Ive been using uwsgi for a while. Lately Im seeing the following problem (to diagnose Im using uwsgitop):

  • my instance is usually using 5,7 workers, and serving roughly 50 to 70 request per second, cpu usage usually around 50,60%
  • At some point cpu usage goes down to 20%, only 2 workers seem busy(via uwsgitop) , the requests per second drop to 10/20. Worth noticing that the Exception column show thousands of exceptions. I cant see anything unusual on uwsgi.log. Is there any hint where to see those exceptions?
  • the problem gets solved by restarting uwsgi.

Thank you in advance.

screen shot 2015-08-19 at 16 01 43
in the screeshot: 527, 598 exceptions..

Here is my .ini file

[uwsgi]
socket=/tmp/content_services.sock
wsgi-file=/mnt/code/current/content_services.wsgi
callable=app
protocol=uwsgi
master=true
single-interpreter=true
enable-threads=true
vacuum=true
processes=30
harakiri=45
listen=4096
pythonpath=/mnt/code/current/python_modules
uid=www-data
gid=
buffer-size=12992
no-orphans=true
disable-logging=false
logto=/var/log/cs/uwsgi.log
log-date=true
ignore-sigpipe=true
ignore-write-errors=true
log-maxsize=15000000
log-backupname=/var/log/cs/uwsgi.log.old

# Caching config

cache2=name=content,items=300,blocksize=655360,bitmap=1,ignore_full=1,purge_lru=1
cache2=name=scrape,items=800,blocksize=655360,bitmap=1,ignore_full=1,purge_lru=1
cache2=name=resolve,items=7000,blocksize=21846,bitmap=1,ignore_full=1,purge_lru=1
cache2=name=metaknight,items=300,blocksize=327680,bitmap=1,ignore_full=1,purge_lru=1
@unbit
Copy link
Owner

unbit commented Aug 20, 2015

That exceptions counter is pretty scaring, expecially because you do not have the exception in the logs.

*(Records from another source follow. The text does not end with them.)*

Lemma card_fibers S phi W :
  (forall x, x \in S -> oapp (adj x) false (phi x)) -> W \subset S ->
  #|W| = \sum_(y in nbhd W) #|[set x in W | phi x == Some y]|.
Proof.
move=> phiS sWS; rewrite -sum1_card.
have -> : \sum_(x in W) 1 = \sum_(x in W) \sum_(y in nbhd W) (phi x == Some y).
  apply: eq_bigr => x xW; have := phiS x (subsetP sWS x xW).
  case: (phi x) => //= y axy.
  rewrite (bigD1 y) ?(mem_nbhd xW) //= eqxx big1 // => z /andP [_ zy].
  by apply/eqP; rewrite eqb0; apply: contra zy => /eqP [->].
rewrite exchange_big; apply: eq_bigr => y _.
rewrite -sum1_card big_mkcond [RHS]big_mkcond; apply: eq_bigr => x _.
by rewrite inE; case: (x \in W); case: (phi x == Some y).
Qed.

Lemma matching_hall b S phi : matching b S phi -> hall_set b S.
Proof.
move=> [phiS capS]; apply/hall_setP => W sWS.
rewrite (card_fibers phiS sWS) /rk; apply: leq_sum => y _.
apply: leq_trans (capS y); apply/subset_leq_card/subsetP => x.
by rewrite !inE => /andP [/(subsetP sWS) -> ->].
Qed.

Lemma matching0 b : matching b set0 (fun=> None).
Proof.
split=> [x | y]; rewrite ?inE //.
by rewrite (_ : [set x in set0 | _] = set0) ?cards0 //; apply/setP => x; rewrite !inE.
Qed.

Definition cap_off b (B : {set Y}) (y : Y) : nat := if y \in B then 0 else b y.

Lemma rk_setU_cap_off b V W :
  rk b (V :|: W) = rk b W + rk (cap_off b (nbhd W)) V.
Proof.
rewrite /rk nbhdU !(big_mkcond (fun y => y \in _)) -big_split /=.
apply: eq_bigr => y _; rewrite in_setU /cap_off.
by case: (y \in nbhd V); case: (y \in nbhd W); rewrite ?addn0.
Qed.

Lemma hall_set_tight b S W0 :
  hall_set b S -> W0 \subset S -> rk b W0 <= #|W0| ->
  hall_set (cap_off b (nbhd W0)) (S :\: W0).
Proof.
move=> /hall_setP hS sW0S tight; apply/hall_setP => V sV.
have VW0 : V :&: W0 = set0.
  by apply/setP => x; rewrite !inE; case: (boolP (x \in V)) => // /(subsetP sV) /setDP [_ /negbTE].
have := hS (V :|: W0); rewrite subUset sW0S (subset_trans sV (subsetDl S W0)).
by rewrite cardsU VW0 cards0 subn0 rk_setU_cap_off /=; lia.
Qed.

Lemma matching_setU b W0 S phi1 phi2 :
  matching b W0 phi1 -> matching (cap_off b (nbhd W0)) S phi2 ->
  matching b (W0 :|: S) (fun x => if x \in W0 then phi1 x else phi2 x).
Proof.
move=> [adj1 cap1] [adj2 cap2]; split=> [x | y].
  by case: ifP => [xW0 _ | xNW0]; [exact: adj1 | rewrite inE xNW0 => /adj2].
have sfib : [set x in W0 :|: S | (if x \in W0 then phi1 x else phi2 x) == Some y]
    \subset [set x in W0 | phi1 x == Some y] :|: [set x in S | phi2 x == Some y].
  apply/subsetP => x; rewrite !inE.
  by case: (x \in W0) => /= [-> // | /andP [-> ->]].
apply: leq_trans (subset_leq_card sfib) _; rewrite cardsU.
have := cap2 y; rewrite /cap_off; case: ifP => [_ | yW0].
  by rewrite leqn0 => /eqP ->; have := cap1 y; lia.
have -> : [set x in W0 | phi1 x == Some y] = set0.
  apply/setP => x; rewrite !inE; apply/negbTE/negP => /andP [xW0 /eqP phi1x].
  by have := adj1 x xW0; rewrite phi1x /= => /(mem_nbhd xW0); rewrite yW0.
by rewrite cards0 add0n; lia.
Qed.

Definition cap_dec b (y : Y) (z : Y) : nat := b z - (z == y).

Lemma rk_le_cap_dec b y W : rk b W <= rk (cap_dec b y) W + 1.
Proof.
rewrite /rk /cap_dec.
apply: (@leq_trans (\sum_(z in nbhd W) ((b z - (z == y)) + (z == y)))).
  by apply: leq_sum => z _; case: (z == y) => /=; lia.
rewrite big_split leq_add2l /= (big_mkcond (fun z => z \in _)).
apply: (@leq_trans (\sum_z (z == y))); first by apply: leq_sum => z _; case: ifP.
by rewrite (bigD1 y) // eqxx big1 // => z /negbTE ->.
Qed.

Lemma hall_set_slack b S x0 y :
  (forall W, W \subset S -> W != set0 -> W != S -> #|W| < rk b W) -> x0 \in S ->
  hall_set (cap_dec b y) (S :\ x0).
Proof.
move=> slack x0S; apply/hall_setP => W sW.
have [-> | W_neq0] := eqVneq W set0; first by rewrite cards0.
have W_neqS : W != S.
  by apply: contraTneq x0S => <-; apply/negP => /(subsetP sW); rewrite !inE eqxx.
have := slack W (subset_trans sW (subsetDl S _)) W_neq0 W_neqS.
have := rk_le_cap_dec b y W; lia.
Qed.

Lemma matching_setU1 b S phi x y :
  matching (cap_dec b y) S phi -> adj x y -> 0 < b y ->
  matching b (x |: S) (fun u => if u == x then Some y else phi u).
Proof.
move=> [adjS capS] axy by_gt0; split=> [u | z].
  by case: eqP => [-> // | /eqP ux]; rewrite !inE (negbTE ux) => /adjS.
have sfib : [set u in x |: S | (if u == x then Some y else phi u) == Some z]
    \subset [set u | (u == x) && (y == z)] :|: [set u in S | phi u == Some z].
  apply/subsetP => u; rewrite !inE.
  by case: (u == x) => /= [/eqP [->] | /andP [-> ->]]; rewrite ?eqxx.
apply: leq_trans (subset_leq_card sfib) _; rewrite cardsU.
have := capS z; rewrite /cap_dec.
have [<- | yz] := eqVneq y z.
  have -> : [set u | (u == x) && true] = [set x] by apply/setP => u; rewrite !inE andbT.
  by rewrite cards1 /=; lia.
have -> : [set u | (u == x) && false] = set0 by apply/setP => u; rewrite !inE andbF.
by rewrite cards0 subn0 /=; lia.
Qed.

Lemma hall_set_adj b S x : hall_set b S -> x \in S -> exists2 y, adj x y & 0 < b y.
Proof.
move=> /hall_setP hS xS; have := hS [set x]; rewrite sub1set xS cards1 => /(_ isT).
rewrite lt0n sum_nat_eq0 negb_forall => /existsP [y]; rewrite negb_imply -lt0n inE.
by case/andP=> /exists_inP [x' /set1P -> axy] by_gt0; exists y.
Qed.

(* Halmos-Vaughan: if some nonempty proper W0 is tight, match W0 and S :\: W0
   separately, the latter with the slots of nbhd W0 switched off; otherwise match
   any x0 to a neighbour y and decrease the capacity of y. *)
Theorem hall b S : hall_set b S -> exists phi, matching b S phi.
Proof.
have [k] := ubnP #|S|; elim: k => // k IH in b S *; rewrite ltnS => cardS hS.
have [-> | [x0 x0S]] := set_0Vmem S; first by exists (fun=> None); exact: matching0.
have [/existsP [W0 /and4P [sW0S W0_neq0 W0_neqS tight]] | ] :=
  boolP [exists W0 : {set X}, [&& W0 \subset S, W0 != set0, W0 != S & rk b W0 <= #|W0|]].
  have W0_gt0 : 0 < #|W0| by rewrite card_gt0.
  have ltW0S : #|W0| < #|S| by rewrite proper_card // properEneq W0_neqS.
  have ltSW0 : #|S :\: W0| < #|S| by rewrite cardsDS //; lia.
  have [phi1 m1] := IH b W0 (leq_trans ltW0S cardS) (hall_setS sW0S hS).
  have [phi2 m2] := IH _ _ (leq_trans ltSW0 cardS) (hall_set_tight hS sW0S tight).
  have <- : W0 :|: S :\: W0 = S by rewrite -{2}(setID S W0) (setIidPr sW0S).
  by eexists; exact: matching_setU m1 m2.
rewrite negb_exists => /forallP no_tight.
have slack W : W \subset S -> W != set0 -> W != S -> #|W| < rk b W.
  by move=> sWS W_neq0 W_neqS; have := no_tight W; rewrite sWS W_neq0 W_neqS ltnNge.
have [y ax0y by_gt0] := hall_set_adj hS x0S.
have ltSx0 : #|S :\ x0| < #|S| by rewrite (cardsD1 x0 S) x0S.
have [phi m] := IH _ _ (leq_trans ltSx0 cardS) (hall_set_slack y slack x0S).
by rewrite -(setD1K x0S); eexists; exact: matching_setU1 m ax0y by_gt0.
Qed.

Lemma rk_setU_le_cardI b M V W :
  hall_set b M -> rk b V <= #|V :&: M| -> rk b W <= #|W :&: M| ->
  rk b (V :|: W) <= #|(V :|: W) :&: M|.
Proof.
move=> /hall_setP hM rkV rkW.
have := rk_setU_setI b V W; have := rkS b (subsetIl (V :&: W) M).
have := hM _ (subsetIr (V :&: W) M); have := cardsUI (V :&: M) (W :&: M).
rewrite -setIUl (setIACA V M W M) setIid; lia.
Qed.
(* Cut the circle at a point [q] outside [A]: lifted to [(Q, Q + 1)], the set
   [A] is an interval by connectedness, closed by closedness. *)
Lemma CS1_is_Arc (A : S1 -> Prop) : in_CS1 A ->
  exists a b, a <= b <= a + 1 /\ forall z, A z <-> Arc a b z.
Proof.
  intros [[x0 Hx0] [Hcl Hco]].
  destruct (classic (forall z, A z)) as [Hall | Hnall].
  { exists 0, 1. split; [lra |]. intros z. split; intros _; [apply Arc_0_1_full | apply Hall]. }
  apply not_all_ex_not in Hnall as [q Hq].
  set (Q := proj1_sig q).
  set (T := fun t => Q < t < Q + 1 /\ A (proj t)).
  assert (Hlift : forall x, A x -> exists L, Q < L < Q + 1 /\ proj L = x).
  { intros x Hx. apply lift_in_punctured. intros ->. contradiction. }
  destruct (Hlift x0 Hx0) as [L0 [HL0 HL0x]].
  assert (HT0 : T L0) by (split; [exact HL0 | rewrite HL0x; exact Hx0]).
  destruct (inf_approx T Q) as [a [Ha Happ_a]];
    [exists L0; exact HT0 | intros t [? _]; lra |].
  destruct (sup_approx T (Q + 1)) as [b [Hb Happ_b]];
    [exists L0; exact HT0 | intros t [? _]; lra |].
  assert (HQa : Q <= a).
  { apply Rnot_lt_le. intros Hlt. destruct (Happ_a (Q - a)) as [t [[? _] ?]]; lra. }
  assert (HbQ : b <= Q + 1).
  { apply Rnot_lt_le. intros Hlt. destruct (Happ_b (b - (Q + 1))) as [t [[? _] ?]]; lra. }
  assert (Aa : A (proj a)).
  { apply S1_closed_limit; [exact Hcl |]. intros rho Hrho.
    destruct (Happ_a rho Hrho) as [t [Ht Hlt]]. specialize (Ha t Ht).
    exists t. split; [apply Ht | apply Rabs_def1; lra]. }
  assert (Ab : A (proj b)).
  { apply S1_closed_limit; [exact Hcl |]. intros rho Hrho.
    destruct (Happ_b rho Hrho) as [t [Ht Hlt]]. specialize (Hb t Ht).
    exists t. split; [apply Ht | apply Rabs_def1; lra]. }
  exists a, b. split; [specialize (Ha L0 HT0); specialize (Hb L0 HT0); lra |]. intros z. split.
  - intros Hz. destruct (Hlift z Hz) as [L [HL <-]].
    assert (HTL : T L) by (split; [exact HL | exact Hz]).
    exists L. split; [split; [apply Ha | apply Hb]; exact HTL | reflexivity].
  - intros [t [Ht <-]].
    destruct (Req_dec t a) as [-> | Hta]; [exact Aa |].
    destruct (Req_dec t b) as [-> | Htb]; [exact Ab |].
    apply NNPP. intros Hnt. apply (not_connected_of_gap A Q t); auto; [lra | |].
    + destruct (Happ_a (t - a)) as [s [[Hs As] Hlt]]; [lra |]. exists s. split; [lra | exact As].
    + destruct (Happ_b (b - t)) as [s [[Hs As] Hlt]]; [lra |]. exists s. split; [lra | exact As].
Qed.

I would attach a strace to the busy processes to understand what is going on and disable ignore-write-errors just to be sure it is an unreported network issue

@dav009
Copy link
Author

dav009 commented Aug 20, 2015

thanks for the quick reply.
So could write-errors give a hint on where the problem is?
I will try to generate the scenario and strace the process.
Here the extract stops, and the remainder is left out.